START Record excerpts

Definition vzero k : vec k := [ffun => 0%N].
Definition vadd k (m n : vec k) : vec k := [ffun i => (m i + n i)%N].
Definition vsubn k (n m : vec k) : vec k := [ffun i => (n i - m i)%N].
Definition vjoin k (m n : vec k) : vec k := [ffun i => maxn (m i) (n i)].
Definition vscale k (j : nat) (a : vec k) : vec k := [ffun i => (j * a i)%N].
Definition vle k (m n : vec k) : bool := [forall i, (m i <= n i)%N].
Definition ve k (i : 'I_k) : vec k := [ffun l => (l == i : nat)].
Definition vsubz k (m n : vec k) : zvec k := [ffun i => (m i)%:Z - (n i)%:Z].

Lemma vle0 k (n : vec k) : vle (vzero k) n.
Proof. by apply/forallP => i; rewrite ffunE. Qed.

(* A k-graph is a countable category with a degree functor to N^k     *)
(* satisfying unique factorisation.  "Finite" means every Lambda^n is *)
(* finite; in particular the vertex set Lambda^0 is finite, so we take *)
(* the vertex type to be a finType.                                   *)
Record fin_kgraph (k : nat) := FinKGraph {
  vert : finType;
  mor : countType;
  kr : mor -> vert;
  ks : mor -> vert;
  kid : vert -> mor;
  kcomp : mor -> mor -> mor;         (* kcomp f g = f g, meaningful when ks f = kr g *)
  kd : mor -> vec k;
  kr_id : forall v, kr (kid v) = v;
  ks_id : forall v, ks (kid v) = v;
  kr_comp : forall f g, ks f = kr g -> kr (kcomp f g) = kr f;
  ks_comp : forall f g, ks f = kr g -> ks (kcomp f g) = ks g;
  kid_l : forall f, kcomp (kid (kr f)) f = f;
  kid_r : forall f, kcomp f (kid (ks f)) = f;
  kcompA : forall f g h, ks f = kr g -> ks g = kr h ->
     kcomp (kcomp f g) h = kcomp f (kcomp g h);
  kd_id : forall v, kd (kid v) = vzero k;
  kd_comp : forall f g, ks f = kr g -> kd (kcomp f g) = vadd (kd f) (kd g);
  kfactor : forall (l : mor) (m n : vec k), kd l = vadd m n ->
     exists! p : mor * mor,
       [/\ ks p.1 = kr p.2, kd p.1 = m, kd p.2 = n & kcomp p.1 p.2 = l];
  kfinite : forall n : vec k, finite_set [set l : mor | kd l = n];
  (* standing convention: Lambda^{e_i} is nonempty for each i *)
  knonempty : forall i : 'I_k, exists l : mor, kd l = ve i
}.

Arguments kr {k L} : rename.
Arguments ks {k L} : rename.
Arguments kid {k L} : rename.
Arguments kcomp {k L} : rename.
Arguments kd {k L} : rename.

Definition strongly_connected k (L : fin_kgraph k) : Prop :=
  forall v w : vert L, exists l : mor L, kr l = v /\ ks l = w.

Definition coordmx k (L : fin_kgraph k) (i : 'I_k) (v w : vert L) : nat :=
  #|` fset_set [set l : mor L | [/\ kr l = v, kd l = ve i & ks l = w]] |.

Definition specrad (R : realType) (V : finType) (A : V -> V -> nat) : R :=
  sup [set ComplexField.Normc.normc z | z in
        [set z : R[i] | root (char_poly
           (\matrix_(i < #|V|, j < #|V|) ((A (enum_val i) (enum_val j))%:R : R[i]))) z]].

Arguments coordmx {k} L i v w.

Definition rhoL (R : realType) k (L : fin_kgraph k) (i : 'I_k) : R :=
  specrad R (coordmx L i).

Definition rho_pow (R : realType) k (L : fin_kgraph k) (n : vec k) : R :=
  \prod_(i < k) rhoL R L i ^+ n i.

Definition is_xLambda (R : realType) k (L : fin_kgraph k) (x : vert L -> R) : Prop :=
  [/\ forall v, 0 <= x v,
      \sum_(v : vert L) x v = 1 &
      forall i v, \sum_(w : vert L) (coordmx L i v w)%:R * x w = rhoL R L i * x v].

(* Infinite paths: degree-preserving functors Omega_k -> Lambda        *)
(* A morphism (m,n) of Omega_k (m <= n) is given with a proof of vle m n *)
(* (a boolean, so proofs are unique).                                  *)
Record ipath k (L : fin_kgraph k) := IPath {
  pf : forall m n : vec k, vle m n -> mor L;
  pf_deg : forall m n (h : vle m n), kd (pf h) = vsubn n m;
  pf_r : forall m n (h : vle m n) (hm : vle m m), pf hm = kid (kr (pf h));
  pf_s : forall m n (h : vle m n) (hn : vle n n), pf hn = kid (ks (pf h));
  pf_comp : forall m n p (h1 : vle m n) (h2 : vle n p) (h3 : vle m p),
      ks (pf h1) = kr (pf h2) /\ kcomp (pf h1) (pf h2) = pf h3
}.

Arguments pf {k L} _ {m n}.

Definition cyl k (L : fin_kgraph k) (l : mor L) : set (ipath L) :=
  [set x | pf x (vle0 (kd l)) = l].

(* Per Lambda = { m - n | sigma^m x = sigma^n x for all x }, where      *)
(* sigma^n(x)(p,q) = x(n+p, n+q)                                        *)
Definition Per k (L : fin_kgraph k) : set (zvec k) :=
  [set g | exists m n : vec k, g = vsubz m n /\
     forall (x : ipath L) (p q : vec k)
            (h1 : vle (vadd m p) (vadd m q)) (h2 : vle (vadd n p) (vadd n q)),
       pf x h1 = pf x h2].

Definition lmin_nonempty k (L : fin_kgraph k) (mu nu : mor L) : Prop :=
  exists al be : mor L,
    [/\ ks mu = kr al, ks nu = kr be, kcomp mu al = kcomp nu be &
        kd (kcomp mu al) = vjoin (kd mu) (kd nu)].

Definition bad_union k (L : fin_kgraph k) (mu nu : mor L) (j : nat) (a : vec k)
  : set (ipath L) :=
  [set x | exists l : mor L,
     [/\ kr l = ks mu, kd l = vscale j a,
         lmin_nonempty (kcomp mu l) (kcomp nu l) & cyl (kcomp mu l) x]].

(* Measures on the sigma-algebra generated by the cylinder sets         *)
(* (= the Borel sigma-algebra of Lambda^infty, since the Z(lambda) form *)
(* a countable basis of the topology).                                 *)
Definition cylinders k (L : fin_kgraph k) : set (set (ipath L)) :=
  [set cyl l | l in [set: mor L]].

END Record excerpts

In the listing above, find the line with "Definition rhoL (R" and the line with "pf_r : forall"; output exactly those lines and all lines between them.

### Solution to this exercise
Definition rhoL (R : realType) k (L : fin_kgraph k) (i : 'I_k) : R :=
  specrad R (coordmx L i).

Definition rho_pow (R : realType) k (L : fin_kgraph k) (n : vec k) : R :=
  \prod_(i < k) rhoL R L i ^+ n i.

Definition is_xLambda (R : realType) k (L : fin_kgraph k) (x : vert L -> R) : Prop :=
  [/\ forall v, 0 <= x v,
      \sum_(v : vert L) x v = 1 &
      forall i v, \sum_(w : vert L) (coordmx L i v w)%:R * x w = rhoL R L i * x v].

(* Infinite paths: degree-preserving functors Omega_k -> Lambda        *)
(* A morphism (m,n) of Omega_k (m <= n) is given with a proof of vle m n *)
(* (a boolean, so proofs are unique).                                  *)
Record ipath k (L : fin_kgraph k) := IPath {
  pf : forall m n : vec k, vle m n -> mor L;
  pf_deg : forall m n (h : vle m n), kd (pf h) = vsubn n m;
  pf_r : forall m n (h : vle m n) (hm : vle m m), pf hm = kid (kr (pf h));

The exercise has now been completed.